Boyland is a member of a family that has held elected office in Brownsville since the 1970s and that The New York Times has called "the Kennedys of Brownsville". After leaving the council she ran unsuccessfully for the New York State Senate in 2006 and for her former council seat in 2009.

== Family ==
Boyland's uncle, Thomas S. Boyland, represented the 55th district in the New York State Assembly from 1977 until his death in 1982. Her father, William F. Boyland, won the same seat and held it for more than twenty years, and her brother, William Boyland Jr., succeeded their father in the Assembly.

== New York City Council ==
Boyland was elected to the New York City Council in 1997, succeeding Enoch H. Williams, and took office on January 1, 1998. She was re-elected in 2001 and served until the end of 2005. During her tenure she chaired the council's Committee on Women's Issues.

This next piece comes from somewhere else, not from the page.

(* Let $\mathbf{Lim}$ be the category of limit spaces, with cylinder $IX = X \times [0,1]$, $i_k(x) = (x,k)$ ($k=0,1$), $p : X\times[0,1]\to X$ the projection, initial object $\varnothing$ (the empty space), and $\mathrm{cof}$ the class of morphisms $i : B \to A$ having the homotopy extension property (defined below). Then $(\mathbf{Lim}, I, \mathrm{cof}, \varnothing)$ is an $I$-category.
   Context: Limit spaces: a convergence space is a set $X$ with a relation between filters on $X$ and points (written $\lambda \to x$) such that $\lambda \to x$, $\lambda\subseteq\lambda'$ imply $\lambda'\to x$, and the principal ultrafilter $\dot x \to x$; it is a limit space iff moreover $\lambda\to x$ and $\lambda'\to x$ imply $\lambda\cap\lambda'\to x$. Continuous maps: $\lambda\to x$ implies $f(\lambda)\to f(x)$, where $f(\lambda)$ is the filter generated by images. $[0,1]$ has its topological convergence ($\lambda \to x$ iff $\lambda$ contains the neighbourhood filter of $x$); products and pushouts are the initial/final structures in $\mathbf{Lim}$. Homotopy extension property of $i : B \to A$: for $k = 0$ and $k=1$, for every object $Y$ and morphisms $f : A \to Y$, $G : IB \to Y$ with $f \circ i = G \circ i_k$, there exists $H : IA \to Y$ with $H \circ i_k = f$ and $H \circ Ii = G$. An $I$-category is a tuple $(\mathcal{C}, \mathrm{cof}, (I,i_0,i_1,p), \varnothing)$ with $(I,i_0,i_1,p)$ a cylinder (functor $I$, natural transformations $i_0,i_1 : \mathrm{Id} \to I$, $p : I \to \mathrm{Id}$, $p i_k = \mathrm{id}$), $\varnothing$ an initial object, satisfying: (1) Cylinder axiom: $I\varnothing = \varnothing$. (2) Pushout axiom: for a cofibration $i : B \to A$ and any $f : B \to X$ the pushout $A \cup_B X$ exists, the induced map $\bar i : X \to A\cup_B X$ is a cofibration, and $I(A\cup_B X) = IA \cup_{IB} IX$. (3) Cofibration axiom: isomorphisms are cofibrations; $\varnothing \to X$ is a cofibration for every $X$; composites of cofibrations are cofibrations; every cofibration has the homotopy extension property. (4) Interchange axiom: for every $X$ there is $T : IIX \to IIX$ with $T i_k = I i_k$ and $T I(i_k) = i_k$ for $k=0,1$. (5) Relative cylinder axiom: for a cofibration $i : B \to A$, the map $j = (i_0, Ii, i_1) : A \cup_B IB \cup_B A \to IA$ induced from the pushout of $A \xleftarrow{i} B \xrightarrow{i_0} IB \xleftarrow{i_1} B \xrightarrow{i} A$ is a cofibration. *)

From Stdlib Require Import Reals Lra.
Open Scope R_scope.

Her seat was won in 2005 by Darlene Mealy, who defeated Boyland's father in the Democratic primary.

== Later campaigns ==
In 2006, Boyland challenged Velmanette Montgomery, who had represented the 18th State Senate district since 1985, in the Democratic primary. The contest was one of the few primary challenges to a sitting Brooklyn state senator that year. Montgomery won the September primary.

In 2009, Boyland entered the Democratic primary for her former council seat, then held by Mealy. Mealy was re-elected.